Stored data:
************
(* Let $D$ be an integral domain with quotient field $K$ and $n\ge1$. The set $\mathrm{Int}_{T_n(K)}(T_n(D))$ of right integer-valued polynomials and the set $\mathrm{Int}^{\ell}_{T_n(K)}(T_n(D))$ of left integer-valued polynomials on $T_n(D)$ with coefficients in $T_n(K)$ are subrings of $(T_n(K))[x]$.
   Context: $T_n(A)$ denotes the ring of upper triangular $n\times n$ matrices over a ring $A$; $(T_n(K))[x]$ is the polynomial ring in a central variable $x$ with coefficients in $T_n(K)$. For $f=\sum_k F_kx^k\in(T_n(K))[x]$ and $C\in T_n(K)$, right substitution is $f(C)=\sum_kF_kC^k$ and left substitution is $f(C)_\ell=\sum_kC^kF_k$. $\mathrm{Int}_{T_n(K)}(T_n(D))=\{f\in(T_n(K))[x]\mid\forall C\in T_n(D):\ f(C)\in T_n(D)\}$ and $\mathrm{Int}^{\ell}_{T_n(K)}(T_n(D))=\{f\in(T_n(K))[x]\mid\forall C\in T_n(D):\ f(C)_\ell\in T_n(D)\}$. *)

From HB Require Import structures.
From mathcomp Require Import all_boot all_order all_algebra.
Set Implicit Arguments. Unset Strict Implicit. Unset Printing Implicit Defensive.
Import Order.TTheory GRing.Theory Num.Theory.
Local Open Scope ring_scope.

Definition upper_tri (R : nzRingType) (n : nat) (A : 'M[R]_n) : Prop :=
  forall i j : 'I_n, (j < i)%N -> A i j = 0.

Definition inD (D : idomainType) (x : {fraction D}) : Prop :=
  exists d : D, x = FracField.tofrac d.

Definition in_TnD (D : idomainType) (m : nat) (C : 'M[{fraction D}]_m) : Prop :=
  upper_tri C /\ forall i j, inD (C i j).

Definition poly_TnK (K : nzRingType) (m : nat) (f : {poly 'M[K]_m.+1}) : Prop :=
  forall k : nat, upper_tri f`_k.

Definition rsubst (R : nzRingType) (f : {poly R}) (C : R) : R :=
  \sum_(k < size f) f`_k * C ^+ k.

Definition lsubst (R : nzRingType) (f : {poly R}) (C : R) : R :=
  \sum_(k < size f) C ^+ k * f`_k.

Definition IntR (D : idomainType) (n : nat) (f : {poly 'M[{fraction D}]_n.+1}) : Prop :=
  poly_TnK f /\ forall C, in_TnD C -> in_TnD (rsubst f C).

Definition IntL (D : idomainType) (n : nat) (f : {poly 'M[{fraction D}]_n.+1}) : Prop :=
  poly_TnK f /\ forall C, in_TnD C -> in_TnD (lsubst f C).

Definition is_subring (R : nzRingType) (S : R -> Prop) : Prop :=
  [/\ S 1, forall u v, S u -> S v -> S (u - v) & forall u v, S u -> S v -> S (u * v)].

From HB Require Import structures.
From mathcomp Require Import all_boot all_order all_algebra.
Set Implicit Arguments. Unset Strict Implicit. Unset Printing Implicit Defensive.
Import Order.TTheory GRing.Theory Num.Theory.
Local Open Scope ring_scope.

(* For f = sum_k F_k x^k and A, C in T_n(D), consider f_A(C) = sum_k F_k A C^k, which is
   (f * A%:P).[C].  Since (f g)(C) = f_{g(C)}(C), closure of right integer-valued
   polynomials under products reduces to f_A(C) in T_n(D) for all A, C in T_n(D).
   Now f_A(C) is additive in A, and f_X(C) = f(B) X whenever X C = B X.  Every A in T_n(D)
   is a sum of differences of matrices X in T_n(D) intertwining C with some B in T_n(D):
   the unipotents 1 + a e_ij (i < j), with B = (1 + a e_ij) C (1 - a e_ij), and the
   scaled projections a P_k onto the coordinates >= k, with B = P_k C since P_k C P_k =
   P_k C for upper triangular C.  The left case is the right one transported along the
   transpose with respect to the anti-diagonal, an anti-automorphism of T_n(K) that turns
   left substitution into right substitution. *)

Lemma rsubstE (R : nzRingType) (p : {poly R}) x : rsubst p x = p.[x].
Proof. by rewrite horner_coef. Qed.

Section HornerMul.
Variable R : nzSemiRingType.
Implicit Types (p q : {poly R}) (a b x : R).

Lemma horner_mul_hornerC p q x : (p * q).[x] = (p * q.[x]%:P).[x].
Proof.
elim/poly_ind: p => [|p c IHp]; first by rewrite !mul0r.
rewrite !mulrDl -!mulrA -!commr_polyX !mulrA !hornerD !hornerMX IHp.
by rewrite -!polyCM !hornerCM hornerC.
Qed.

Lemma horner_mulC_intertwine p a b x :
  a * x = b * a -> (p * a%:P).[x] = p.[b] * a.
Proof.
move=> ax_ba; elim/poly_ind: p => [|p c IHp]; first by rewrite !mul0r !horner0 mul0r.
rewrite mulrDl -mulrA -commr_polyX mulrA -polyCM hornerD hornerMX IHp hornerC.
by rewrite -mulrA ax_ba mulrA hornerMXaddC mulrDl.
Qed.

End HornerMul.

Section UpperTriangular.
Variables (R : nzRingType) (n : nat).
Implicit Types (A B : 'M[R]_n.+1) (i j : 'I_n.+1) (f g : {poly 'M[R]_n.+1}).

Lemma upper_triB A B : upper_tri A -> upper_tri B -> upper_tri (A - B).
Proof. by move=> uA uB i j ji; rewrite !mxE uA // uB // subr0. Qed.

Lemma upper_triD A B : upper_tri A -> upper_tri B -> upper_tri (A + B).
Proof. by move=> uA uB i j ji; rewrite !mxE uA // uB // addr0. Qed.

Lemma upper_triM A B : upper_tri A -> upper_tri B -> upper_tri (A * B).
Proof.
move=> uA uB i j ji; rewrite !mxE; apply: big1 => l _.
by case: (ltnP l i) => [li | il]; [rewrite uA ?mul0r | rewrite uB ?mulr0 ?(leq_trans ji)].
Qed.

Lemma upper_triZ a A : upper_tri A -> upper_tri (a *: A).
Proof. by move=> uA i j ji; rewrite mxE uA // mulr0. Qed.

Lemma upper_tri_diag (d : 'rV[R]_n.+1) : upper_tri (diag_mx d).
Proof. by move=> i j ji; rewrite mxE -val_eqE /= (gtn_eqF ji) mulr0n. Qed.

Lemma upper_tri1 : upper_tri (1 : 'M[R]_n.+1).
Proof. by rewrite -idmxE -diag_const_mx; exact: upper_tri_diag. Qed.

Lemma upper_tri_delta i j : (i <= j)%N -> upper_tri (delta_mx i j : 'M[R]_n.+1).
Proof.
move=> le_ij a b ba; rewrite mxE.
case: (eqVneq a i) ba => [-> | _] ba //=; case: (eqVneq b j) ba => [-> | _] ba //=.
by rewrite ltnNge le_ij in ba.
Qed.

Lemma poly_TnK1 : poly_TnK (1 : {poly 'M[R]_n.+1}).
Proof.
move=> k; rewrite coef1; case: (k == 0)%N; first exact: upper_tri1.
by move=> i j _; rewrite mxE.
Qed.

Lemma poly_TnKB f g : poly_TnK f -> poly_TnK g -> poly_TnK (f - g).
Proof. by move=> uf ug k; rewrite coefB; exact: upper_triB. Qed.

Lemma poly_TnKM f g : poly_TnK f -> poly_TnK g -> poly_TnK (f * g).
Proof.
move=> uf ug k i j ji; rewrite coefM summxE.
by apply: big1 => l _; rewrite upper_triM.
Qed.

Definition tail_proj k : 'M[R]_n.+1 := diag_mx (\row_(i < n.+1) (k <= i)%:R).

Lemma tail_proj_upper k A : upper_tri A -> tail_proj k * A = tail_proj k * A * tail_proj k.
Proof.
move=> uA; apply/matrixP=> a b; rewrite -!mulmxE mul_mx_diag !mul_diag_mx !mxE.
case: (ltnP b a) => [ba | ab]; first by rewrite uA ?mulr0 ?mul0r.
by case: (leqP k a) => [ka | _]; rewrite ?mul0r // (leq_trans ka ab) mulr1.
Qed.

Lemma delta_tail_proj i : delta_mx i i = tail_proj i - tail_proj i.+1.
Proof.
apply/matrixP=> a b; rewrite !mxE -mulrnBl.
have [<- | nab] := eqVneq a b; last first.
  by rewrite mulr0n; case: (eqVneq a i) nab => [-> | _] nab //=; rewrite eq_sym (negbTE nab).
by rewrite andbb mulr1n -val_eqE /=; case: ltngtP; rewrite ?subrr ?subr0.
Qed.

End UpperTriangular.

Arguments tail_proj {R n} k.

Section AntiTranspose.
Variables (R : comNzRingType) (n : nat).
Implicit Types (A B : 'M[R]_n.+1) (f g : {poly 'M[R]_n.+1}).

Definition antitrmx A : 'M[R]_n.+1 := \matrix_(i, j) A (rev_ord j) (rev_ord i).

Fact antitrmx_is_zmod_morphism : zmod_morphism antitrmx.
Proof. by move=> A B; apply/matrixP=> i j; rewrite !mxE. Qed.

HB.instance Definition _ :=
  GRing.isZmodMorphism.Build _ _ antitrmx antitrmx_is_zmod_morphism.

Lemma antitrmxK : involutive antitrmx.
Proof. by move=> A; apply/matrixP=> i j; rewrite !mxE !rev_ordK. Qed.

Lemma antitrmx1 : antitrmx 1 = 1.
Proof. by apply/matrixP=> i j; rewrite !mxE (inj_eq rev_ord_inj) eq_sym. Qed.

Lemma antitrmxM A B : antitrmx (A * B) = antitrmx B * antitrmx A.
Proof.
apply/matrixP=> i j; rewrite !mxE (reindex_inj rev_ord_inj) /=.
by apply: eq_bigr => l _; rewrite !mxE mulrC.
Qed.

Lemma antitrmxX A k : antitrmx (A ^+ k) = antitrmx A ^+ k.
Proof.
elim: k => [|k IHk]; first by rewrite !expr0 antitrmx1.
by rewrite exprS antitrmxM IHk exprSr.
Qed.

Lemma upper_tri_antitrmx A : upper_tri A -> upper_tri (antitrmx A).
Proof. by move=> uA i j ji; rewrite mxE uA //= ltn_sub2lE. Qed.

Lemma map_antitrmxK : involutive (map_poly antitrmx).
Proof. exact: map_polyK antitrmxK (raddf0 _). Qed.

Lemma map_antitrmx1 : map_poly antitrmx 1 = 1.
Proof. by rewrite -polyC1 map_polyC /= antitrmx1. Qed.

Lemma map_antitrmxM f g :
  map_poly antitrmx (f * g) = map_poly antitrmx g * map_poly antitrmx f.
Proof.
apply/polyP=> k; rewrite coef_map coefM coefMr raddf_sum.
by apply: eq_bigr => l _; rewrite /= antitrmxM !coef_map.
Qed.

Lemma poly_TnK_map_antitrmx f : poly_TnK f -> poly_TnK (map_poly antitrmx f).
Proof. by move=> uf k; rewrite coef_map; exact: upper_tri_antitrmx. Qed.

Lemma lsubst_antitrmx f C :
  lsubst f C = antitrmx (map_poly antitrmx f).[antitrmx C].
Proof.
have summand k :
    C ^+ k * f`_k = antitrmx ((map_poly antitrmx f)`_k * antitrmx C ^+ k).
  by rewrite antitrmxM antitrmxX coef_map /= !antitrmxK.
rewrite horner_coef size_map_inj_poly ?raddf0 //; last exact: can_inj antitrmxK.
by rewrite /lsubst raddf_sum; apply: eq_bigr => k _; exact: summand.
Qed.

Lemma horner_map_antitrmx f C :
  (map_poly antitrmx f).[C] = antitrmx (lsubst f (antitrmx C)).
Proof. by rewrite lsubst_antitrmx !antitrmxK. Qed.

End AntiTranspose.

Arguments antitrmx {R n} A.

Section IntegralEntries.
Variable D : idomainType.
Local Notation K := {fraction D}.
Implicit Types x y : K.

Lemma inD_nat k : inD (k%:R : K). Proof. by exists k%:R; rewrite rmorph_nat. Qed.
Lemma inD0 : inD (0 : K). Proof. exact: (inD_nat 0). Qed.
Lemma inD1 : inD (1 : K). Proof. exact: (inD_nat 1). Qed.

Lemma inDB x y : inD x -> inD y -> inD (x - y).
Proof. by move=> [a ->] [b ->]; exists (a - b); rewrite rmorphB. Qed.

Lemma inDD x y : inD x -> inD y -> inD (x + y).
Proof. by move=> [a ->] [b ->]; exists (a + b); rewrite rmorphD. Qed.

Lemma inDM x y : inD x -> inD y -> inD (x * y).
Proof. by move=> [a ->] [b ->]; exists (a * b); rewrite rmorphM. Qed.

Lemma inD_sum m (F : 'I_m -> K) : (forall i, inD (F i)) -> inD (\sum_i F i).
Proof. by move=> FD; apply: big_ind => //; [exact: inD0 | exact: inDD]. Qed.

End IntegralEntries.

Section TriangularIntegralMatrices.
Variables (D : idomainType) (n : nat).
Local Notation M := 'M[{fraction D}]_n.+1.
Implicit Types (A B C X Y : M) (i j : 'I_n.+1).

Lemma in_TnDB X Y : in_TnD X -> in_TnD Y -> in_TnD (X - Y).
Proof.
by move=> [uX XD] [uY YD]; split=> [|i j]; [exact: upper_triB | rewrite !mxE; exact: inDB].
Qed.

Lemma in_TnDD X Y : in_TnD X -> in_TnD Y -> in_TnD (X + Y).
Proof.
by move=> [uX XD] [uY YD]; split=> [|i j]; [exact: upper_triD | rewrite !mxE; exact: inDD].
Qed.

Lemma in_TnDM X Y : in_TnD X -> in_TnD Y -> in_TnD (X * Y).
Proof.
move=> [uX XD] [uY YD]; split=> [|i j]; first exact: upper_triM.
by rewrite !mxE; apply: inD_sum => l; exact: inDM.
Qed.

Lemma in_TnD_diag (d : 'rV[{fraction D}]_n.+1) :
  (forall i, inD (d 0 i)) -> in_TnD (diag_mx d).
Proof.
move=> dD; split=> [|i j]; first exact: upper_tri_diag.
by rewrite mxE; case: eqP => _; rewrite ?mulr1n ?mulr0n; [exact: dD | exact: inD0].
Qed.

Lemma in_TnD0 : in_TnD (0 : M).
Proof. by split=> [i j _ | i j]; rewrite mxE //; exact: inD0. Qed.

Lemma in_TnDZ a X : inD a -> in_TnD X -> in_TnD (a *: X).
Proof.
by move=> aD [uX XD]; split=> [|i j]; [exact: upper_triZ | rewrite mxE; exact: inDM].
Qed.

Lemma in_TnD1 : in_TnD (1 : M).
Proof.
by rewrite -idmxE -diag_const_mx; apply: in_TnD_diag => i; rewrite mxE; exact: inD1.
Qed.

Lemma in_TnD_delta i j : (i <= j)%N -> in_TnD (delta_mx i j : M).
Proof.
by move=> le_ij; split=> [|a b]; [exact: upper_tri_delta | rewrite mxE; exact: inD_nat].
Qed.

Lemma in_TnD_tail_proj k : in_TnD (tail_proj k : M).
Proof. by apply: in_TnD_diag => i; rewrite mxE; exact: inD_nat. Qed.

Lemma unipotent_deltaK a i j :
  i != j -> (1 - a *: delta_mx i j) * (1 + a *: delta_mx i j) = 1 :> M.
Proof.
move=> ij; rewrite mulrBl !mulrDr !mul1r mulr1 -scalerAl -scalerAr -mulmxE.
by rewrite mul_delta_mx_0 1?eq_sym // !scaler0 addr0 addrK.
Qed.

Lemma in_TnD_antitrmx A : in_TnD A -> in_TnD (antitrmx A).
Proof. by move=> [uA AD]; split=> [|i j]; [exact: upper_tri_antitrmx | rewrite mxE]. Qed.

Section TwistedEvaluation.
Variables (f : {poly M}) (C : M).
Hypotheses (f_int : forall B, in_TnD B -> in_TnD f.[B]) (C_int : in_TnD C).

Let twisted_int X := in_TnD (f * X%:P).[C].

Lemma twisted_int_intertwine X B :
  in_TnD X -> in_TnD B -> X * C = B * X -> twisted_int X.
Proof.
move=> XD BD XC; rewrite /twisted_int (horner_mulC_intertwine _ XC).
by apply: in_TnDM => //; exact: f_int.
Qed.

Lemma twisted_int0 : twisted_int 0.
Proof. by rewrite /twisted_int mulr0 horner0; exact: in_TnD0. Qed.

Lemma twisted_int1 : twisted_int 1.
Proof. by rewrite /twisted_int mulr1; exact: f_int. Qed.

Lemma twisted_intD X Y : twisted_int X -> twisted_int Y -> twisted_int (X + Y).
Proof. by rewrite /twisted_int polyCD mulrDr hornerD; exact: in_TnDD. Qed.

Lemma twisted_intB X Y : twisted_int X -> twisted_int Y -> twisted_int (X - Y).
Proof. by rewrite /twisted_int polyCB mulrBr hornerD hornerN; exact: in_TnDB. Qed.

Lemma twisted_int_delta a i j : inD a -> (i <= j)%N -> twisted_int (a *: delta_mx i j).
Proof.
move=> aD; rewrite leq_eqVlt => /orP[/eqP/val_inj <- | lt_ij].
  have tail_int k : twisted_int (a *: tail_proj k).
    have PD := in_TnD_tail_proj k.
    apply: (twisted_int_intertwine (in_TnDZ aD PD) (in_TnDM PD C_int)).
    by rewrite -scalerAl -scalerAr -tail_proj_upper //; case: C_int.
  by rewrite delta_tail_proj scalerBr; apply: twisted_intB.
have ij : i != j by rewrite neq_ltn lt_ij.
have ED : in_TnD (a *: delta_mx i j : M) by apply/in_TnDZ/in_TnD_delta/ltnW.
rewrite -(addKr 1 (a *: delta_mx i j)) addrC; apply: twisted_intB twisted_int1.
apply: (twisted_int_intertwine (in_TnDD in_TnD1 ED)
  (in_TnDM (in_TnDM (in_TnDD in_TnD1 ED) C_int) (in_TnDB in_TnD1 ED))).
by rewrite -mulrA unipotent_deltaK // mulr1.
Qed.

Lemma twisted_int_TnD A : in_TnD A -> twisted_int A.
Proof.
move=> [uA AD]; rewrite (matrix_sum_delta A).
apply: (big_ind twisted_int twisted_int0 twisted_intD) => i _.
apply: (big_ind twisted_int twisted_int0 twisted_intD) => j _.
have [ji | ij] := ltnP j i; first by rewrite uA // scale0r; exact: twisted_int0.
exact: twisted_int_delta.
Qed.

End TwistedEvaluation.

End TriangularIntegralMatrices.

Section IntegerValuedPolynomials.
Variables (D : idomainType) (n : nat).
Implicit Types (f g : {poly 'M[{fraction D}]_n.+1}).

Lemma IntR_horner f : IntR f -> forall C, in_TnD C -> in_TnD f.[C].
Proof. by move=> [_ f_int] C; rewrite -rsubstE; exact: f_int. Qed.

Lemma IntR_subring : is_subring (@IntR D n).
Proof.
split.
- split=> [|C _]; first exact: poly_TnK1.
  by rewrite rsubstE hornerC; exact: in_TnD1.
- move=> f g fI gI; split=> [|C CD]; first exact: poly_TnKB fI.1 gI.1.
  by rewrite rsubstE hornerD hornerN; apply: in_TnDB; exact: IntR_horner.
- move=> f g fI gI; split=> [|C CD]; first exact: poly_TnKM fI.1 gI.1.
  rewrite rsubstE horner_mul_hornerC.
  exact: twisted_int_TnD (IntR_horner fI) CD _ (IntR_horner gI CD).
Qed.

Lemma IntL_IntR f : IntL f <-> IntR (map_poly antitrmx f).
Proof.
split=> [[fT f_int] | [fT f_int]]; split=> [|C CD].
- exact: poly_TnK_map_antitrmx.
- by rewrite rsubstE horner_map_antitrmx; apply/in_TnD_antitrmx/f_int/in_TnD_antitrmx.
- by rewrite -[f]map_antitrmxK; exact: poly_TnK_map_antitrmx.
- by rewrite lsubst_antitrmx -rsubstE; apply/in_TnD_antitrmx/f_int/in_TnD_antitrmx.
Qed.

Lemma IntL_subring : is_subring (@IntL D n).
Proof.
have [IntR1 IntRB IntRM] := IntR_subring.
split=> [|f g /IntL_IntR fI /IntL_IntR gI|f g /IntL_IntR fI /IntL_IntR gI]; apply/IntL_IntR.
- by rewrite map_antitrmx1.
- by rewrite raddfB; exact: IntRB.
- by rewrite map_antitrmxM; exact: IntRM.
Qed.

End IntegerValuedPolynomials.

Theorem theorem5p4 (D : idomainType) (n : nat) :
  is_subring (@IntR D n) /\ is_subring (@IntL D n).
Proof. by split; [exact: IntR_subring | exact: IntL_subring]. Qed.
************
▶ **EXERCISE REQUIREMENTS**:
Using the entries above, output exactly the lines between the line holding "forall k : nat, upper_tri" and the line holding "Definition is_subring (R", end lines included, and nothing more.

▶ **EXERCISE OUTPUT**:
  forall k : nat, upper_tri f`_k.

Definition rsubst (R : nzRingType) (f : {poly R}) (C : R) : R :=
  \sum_(k < size f) f`_k * C ^+ k.

Definition lsubst (R : nzRingType) (f : {poly R}) (C : R) : R :=
  \sum_(k < size f) C ^+ k * f`_k.

Definition IntR (D : idomainType) (n : nat) (f : {poly 'M[{fraction D}]_n.+1}) : Prop :=
  poly_TnK f /\ forall C, in_TnD C -> in_TnD (rsubst f C).

Definition IntL (D : idomainType) (n : nat) (f : {poly 'M[{fraction D}]_n.+1}) : Prop :=
  poly_TnK f /\ forall C, in_TnD C -> in_TnD (lsubst f C).

Definition is_subring (R : nzRingType) (S : R -> Prop) : Prop :=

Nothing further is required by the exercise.